[Data items]
····················
Theorem twist_hopf :
  (forall x : Free R, in_ideal rels x -> in_ideal rels (Smap x)) /\
  (forall x : Free R, in_ideal rels (fsub (conv dg (@S_word R) (@idw R) x) (etaeps x))) /\
  (forall x : Free R, in_ideal rels (fsub (conv dg (@idw R) (@S_word R) x) (etaeps x))).
Proof.
split; first by move=> x; apply: Smap_ideal twist_S.
by split; [apply: antipode_S_id twist_Sid | apply: antipode_id_S twist_idS].
Qed.

End Twist.

Lemma comm_inverse_twists (A : pzRingType) (X Y Z s s' : A) :
  (forall t, GRing.comm s t) -> (forall t, GRing.comm s' t) -> s' * s = 1 ->
  X * Z = s * (Z * X) -> Y * Z = s' * (Z * Y) -> GRing.comm (X * Y) Z.
Proof.
move=> hs hs' hss hX hY; rewrite /GRing.comm -mulrA hY (mulrA X) -(hs' X) -mulrA.
by rewrite (mulrA X Z) hX -(mulrA s) mulrA hss mul1r mulrA.
Qed.

Section Norm.
Variables (R : fieldType) (q : R).
Hypothesis hq0 : q != 0.
Local Notation rels := (rels_norm q).
Local Notation Q := (Q rels).
Local Notation sc := (@sc R rels).
Local Notation wd := (@wd R rels).
Local Notation k := (wd [:: GK]).
Local Notation kb := (wd [:: GKb]).
Local Notation l := (wd [:: GL]).
Local Notation lb := (wd [:: GLb]).
Local Notation E := (wd [:: GE]).
Local Notation F := (wd [:: GF]).
Local Notation dg := (@delta_norm_gen R).

Lemma norm_common : {subset rels_common q <= rels}.
Proof. by move=> r hr; rewrite mem_cat hr. Qed.

Let h := common_relations norm_common hq0.

Lemma norm_KE : k * E = sc (q ^+ 2) * (E * k).
Proof. by apply: rel2Q; rewrite mem_cat !inE eqxx !orbT. Qed.
Lemma norm_LE : l * E = sc (q ^+ 2) * (E * l).
Proof. by apply: rel2Q; rewrite mem_cat !inE eqxx !orbT. Qed.
Lemma norm_KbE : kb * E = sc (q ^- 2) * (E * kb).
Proof. by apply: rel2Q; rewrite mem_cat !inE eqxx !orbT. Qed.
Lemma norm_KF : k * F = sc (q ^- 2) * (F * k).
Proof. by apply: rel2Q; rewrite mem_cat !inE eqxx !orbT. Qed.
Lemma norm_LF : l * F = sc (q ^- 2) * (F * l).
Proof. by apply: rel2Q; rewrite mem_cat !inE eqxx !orbT. Qed.
Lemma norm_KbF : kb * F = sc (q ^+ 2) * (F * kb).
Proof. by apply: rel2Q; rewrite mem_cat !inE eqxx !orbT. Qed.

Lemma norm_KpE : (k + l) * E = sc (q ^+ 2) * (E * (k + l)).
Proof. by rewrite mulrDl norm_KE norm_LE -!mulrDr. Qed.

Lemma norm_KpF : (k + l) * F = sc (q ^- 2) * (F * (k + l)).
Proof. by rewrite mulrDl norm_KF norm_LF -!mulrDr. Qed.

Lemma norm_S r : r \in rels -> SX rels r = 0.
Proof.
rewrite mem_cat => /orP[/(S_common norm_common hq0 norm_KpE norm_KpF) //|].
have [q2qm qmq2] := exp2qK hq0.
move: r; apply: forall_in_seq => /=; do !split;
  first [apply: (S_rel2 norm_common hq0 _ _ _ q2qm)
        | apply: (S_rel2 norm_common hq0 _ _ _ qmq2)];
  by rewrite // mem_cat !inE eqxx !orbT.
Qed.

(* In [U_{K,L,norm}] the idempotents [k kb] and [l lb = 1 - k kb] are
   central, since [k] and [kb] commute with [E] and [F] up to inverse
   scalars. *)
Lemma norm_KKb_central : central (k * kb).
Proof.
have [q2qm qmq2] := exp2qK hq0.
have hs a : forall t, GRing.comm (sc a) t := sc_central a.
apply: central_gens => -[]; rewrite /GRing.comm.
- by rewrite -(K_corner h).1 -(K_corner h).2.
- by rewrite -(Kb_corner h).1 -(Kb_corner h).2.
- by rewrite -mulrA [RHS]mulrA !(KL_orth h) mulr0 mul0r.
- by rewrite -mulrA [RHS]mulrA !(KL_orth h) mulr0 mul0r.
- apply: (comm_inverse_twists (hs _) (hs _) _ norm_KE norm_KbE).
  by rewrite -sc_mul qmq2.
- apply: (comm_inverse_twists (hs _) (hs _) _ norm_KF norm_KbF).
  by rewrite -sc_mul q2qm.
Qed.

Definition norm_corner g : Q :=
  match g with GK | GKb => k * kb | GL | GLb => l * lb | _ => 0 end.

Lemma norm_corner_central g : central (norm_corner g).
Proof.
have e_c := norm_KKb_central.
have f_c : central (l * lb).
  rewrite (LLb_def h) => t; apply/commr_sym/commrB; apply/commr_sym.
  - exact: central1.
  - exact: e_c.
by case: g => //= t; apply/commr_sym/commr0.
Qed.

Lemma norm_idS g : teval (@idS R rels) (dg g) = norm_corner g.
Proof.
case: g; rewrite /teval /idS !big_cons big_nil /= !mul1r addr0 ?wd_nil ?Sw_nil ?Sw1
  ?Sg_KL ?SgE ?mul1r ?mulr1 ?(KL_orth h) ?addr0 //.
- by rewrite (KKbC h).
- by rewrite (LLbC h).
- by rewrite -mulrDr addNr.
- by rewrite SgF -mulrDl mulrN mulrA (Km_Kp h) mul1r addrN.
Qed.

Lemma norm_Sid g : teval (@Sid R rels) (dg g) = norm_corner g.
Proof.
case: g; rewrite /teval /Sid !big_cons big_nil /= !mul1r addr0 ?wd_nil ?Sw_nil ?Sw1
  ?Sg_KL ?SgF ?mul1r ?mulr1 ?(KL_orth h) ?addr0 //.
- by rewrite (KKbC h).
- by rewrite (LLbC h).
- by rewrite SgE -mulrDr mulNr -mulrA (Km_Kp h) mulr1 addrN.
- by rewrite -mulrDl addNr.
Qed.

Lemma norm_convIS1 g : convIS rels dg [:: g] = norm_corner g.
Proof. by rewrite /convIS teval_Dw1 norm_idS. Qed.

Lemma norm_convSI1 g : convSI rels dg [:: g] = norm_corner g.
Proof. by rewrite /convSI teval_Dw1 norm_Sid. Qed.

Lemma norm_ISI g : teval (fun u v => convIS rels dg u * wd v) (dg g) = wd [:: g].
Proof.
case: g; rewrite /teval !big_cons big_nil /= !mul1r addr0 ?convIS_nil ?norm_convIS1 /=
  ?wd_nil ?mul1r ?mulr1 ?mul0r ?addr0 ?add0r.
- exact: (KKbK h).
- by rewrite -(Kb_corner h).2.
- by rewrite -!mulrA !(KL_orth h) !mulr0 !addr0 mulrA (LLbL h).
- by rewrite -!mulrA !(KL_orth h) !mulr0 !addr0 mulrA -(Lb_corner h).2.
- by [].
- by rewrite -mulrDl (KL_unit h) mul1r.
Qed.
····················
[Task to complete]
Retype the data in full, exactly.

[Answer section]
Theorem twist_hopf :
  (forall x : Free R, in_ideal rels x -> in_ideal rels (Smap x)) /\
  (forall x : Free R, in_ideal rels (fsub (conv dg (@S_word R) (@idw R) x) (etaeps x))) /\
  (forall x : Free R, in_ideal rels (fsub (conv dg (@idw R) (@S_word R) x) (etaeps x))).
Proof.
split; first by move=> x; apply: Smap_ideal twist_S.
by split; [apply: antipode_S_id twist_Sid | apply: antipode_id_S twist_idS].
Qed.

End Twist.

Lemma comm_inverse_twists (A : pzRingType) (X Y Z s s' : A) :
  (forall t, GRing.comm s t) -> (forall t, GRing.comm s' t) -> s' * s = 1 ->
  X * Z = s * (Z * X) -> Y * Z = s' * (Z * Y) -> GRing.comm (X * Y) Z.
Proof.
move=> hs hs' hss hX hY; rewrite /GRing.comm -mulrA hY (mulrA X) -(hs' X) -mulrA.
by rewrite (mulrA X Z) hX -(mulrA s) mulrA hss mul1r mulrA.
Qed.

Section Norm.
Variables (R : fieldType) (q : R).
Hypothesis hq0 : q != 0.
Local Notation rels := (rels_norm q).
Local Notation Q := (Q rels).
Local Notation sc := (@sc R rels).
Local Notation wd := (@wd R rels).
Local Notation k := (wd [:: GK]).
Local Notation kb := (wd [:: GKb]).
Local Notation l := (wd [:: GL]).
Local Notation lb := (wd [:: GLb]).
Local Notation E := (wd [:: GE]).
Local Notation F := (wd [:: GF]).
Local Notation dg := (@delta_norm_gen R).

Lemma norm_common : {subset rels_common q <= rels}.
Proof. by move=> r hr; rewrite mem_cat hr. Qed.

Let h := common_relations norm_common hq0.

Lemma norm_KE : k * E = sc (q ^+ 2) * (E * k).
Proof. by apply: rel2Q; rewrite mem_cat !inE eqxx !orbT. Qed.
Lemma norm_LE : l * E = sc (q ^+ 2) * (E * l).
Proof. by apply: rel2Q; rewrite mem_cat !inE eqxx !orbT. Qed.
Lemma norm_KbE : kb * E = sc (q ^- 2) * (E * kb).
Proof. by apply: rel2Q; rewrite mem_cat !inE eqxx !orbT. Qed.
Lemma norm_KF : k * F = sc (q ^- 2) * (F * k).
Proof. by apply: rel2Q; rewrite mem_cat !inE eqxx !orbT. Qed.
Lemma norm_LF : l * F = sc (q ^- 2) * (F * l).
Proof. by apply: rel2Q; rewrite mem_cat !inE eqxx !orbT. Qed.
Lemma norm_KbF : kb * F = sc (q ^+ 2) * (F * kb).
Proof. by apply: rel2Q; rewrite mem_cat !inE eqxx !orbT. Qed.

Lemma norm_KpE : (k + l) * E = sc (q ^+ 2) * (E * (k + l)).
Proof. by rewrite mulrDl norm_KE norm_LE -!mulrDr. Qed.

Lemma norm_KpF : (k + l) * F = sc (q ^- 2) * (F * (k + l)).
Proof. by rewrite mulrDl norm_KF norm_LF -!mulrDr. Qed.

Lemma norm_S r : r \in rels -> SX rels r = 0.
Proof.
rewrite mem_cat => /orP[/(S_common norm_common hq0 norm_KpE norm_KpF) //|].
have [q2qm qmq2] := exp2qK hq0.
move: r; apply: forall_in_seq => /=; do !split;
  first [apply: (S_rel2 norm_common hq0 _ _ _ q2qm)
        | apply: (S_rel2 norm_common hq0 _ _ _ qmq2)];
  by rewrite // mem_cat !inE eqxx !orbT.
Qed.

(* In [U_{K,L,norm}] the idempotents [k kb] and [l lb = 1 - k kb] are
   central, since [k] and [kb] commute with [E] and [F] up to inverse
   scalars. *)
Lemma norm_KKb_central : central (k * kb).
Proof.
have [q2qm qmq2] := exp2qK hq0.
have hs a : forall t, GRing.comm (sc a) t := sc_central a.
apply: central_gens => -[]; rewrite /GRing.comm.
- by rewrite -(K_corner h).1 -(K_corner h).2.
- by rewrite -(Kb_corner h).1 -(Kb_corner h).2.
- by rewrite -mulrA [RHS]mulrA !(KL_orth h) mulr0 mul0r.
- by rewrite -mulrA [RHS]mulrA !(KL_orth h) mulr0 mul0r.
- apply: (comm_inverse_twists (hs _) (hs _) _ norm_KE norm_KbE).
  by rewrite -sc_mul qmq2.
- apply: (comm_inverse_twists (hs _) (hs _) _ norm_KF norm_KbF).
  by rewrite -sc_mul q2qm.
Qed.

Definition norm_corner g : Q :=
  match g with GK | GKb => k * kb | GL | GLb => l * lb | _ => 0 end.

Lemma norm_corner_central g : central (norm_corner g).
Proof.
have e_c := norm_KKb_central.
have f_c : central (l * lb).
  rewrite (LLb_def h) => t; apply/commr_sym/commrB; apply/commr_sym.
  - exact: central1.
  - exact: e_c.
by case: g => //= t; apply/commr_sym/commr0.
Qed.

Lemma norm_idS g : teval (@idS R rels) (dg g) = norm_corner g.
Proof.
case: g; rewrite /teval /idS !big_cons big_nil /= !mul1r addr0 ?wd_nil ?Sw_nil ?Sw1
  ?Sg_KL ?SgE ?mul1r ?mulr1 ?(KL_orth h) ?addr0 //.
- by rewrite (KKbC h).
- by rewrite (LLbC h).
- by rewrite -mulrDr addNr.
- by rewrite SgF -mulrDl mulrN mulrA (Km_Kp h) mul1r addrN.
Qed.

Lemma norm_Sid g : teval (@Sid R rels) (dg g) = norm_corner g.
Proof.
case: g; rewrite /teval /Sid !big_cons big_nil /= !mul1r addr0 ?wd_nil ?Sw_nil ?Sw1
  ?Sg_KL ?SgF ?mul1r ?mulr1 ?(KL_orth h) ?addr0 //.
- by rewrite (KKbC h).
- by rewrite (LLbC h).
- by rewrite SgE -mulrDr mulNr -mulrA (Km_Kp h) mulr1 addrN.
- by rewrite -mulrDl addNr.
Qed.

Lemma norm_convIS1 g : convIS rels dg [:: g] = norm_corner g.
Proof. by rewrite /convIS teval_Dw1 norm_idS. Qed.

Lemma norm_convSI1 g : convSI rels dg [:: g] = norm_corner g.
Proof. by rewrite /convSI teval_Dw1 norm_Sid. Qed.

Lemma norm_ISI g : teval (fun u v => convIS rels dg u * wd v) (dg g) = wd [:: g].
Proof.
case: g; rewrite /teval !big_cons big_nil /= !mul1r addr0 ?convIS_nil ?norm_convIS1 /=
  ?wd_nil ?mul1r ?mulr1 ?mul0r ?addr0 ?add0r.
- exact: (KKbK h).
- by rewrite -(Kb_corner h).2.
- by rewrite -!mulrA !(KL_orth h) !mulr0 !addr0 mulrA (LLbL h).
- by rewrite -!mulrA !(KL_orth h) !mulr0 !addr0 mulrA -(Lb_corner h).2.
- by [].
- by rewrite -mulrDl (KL_unit h) mul1r.
Qed.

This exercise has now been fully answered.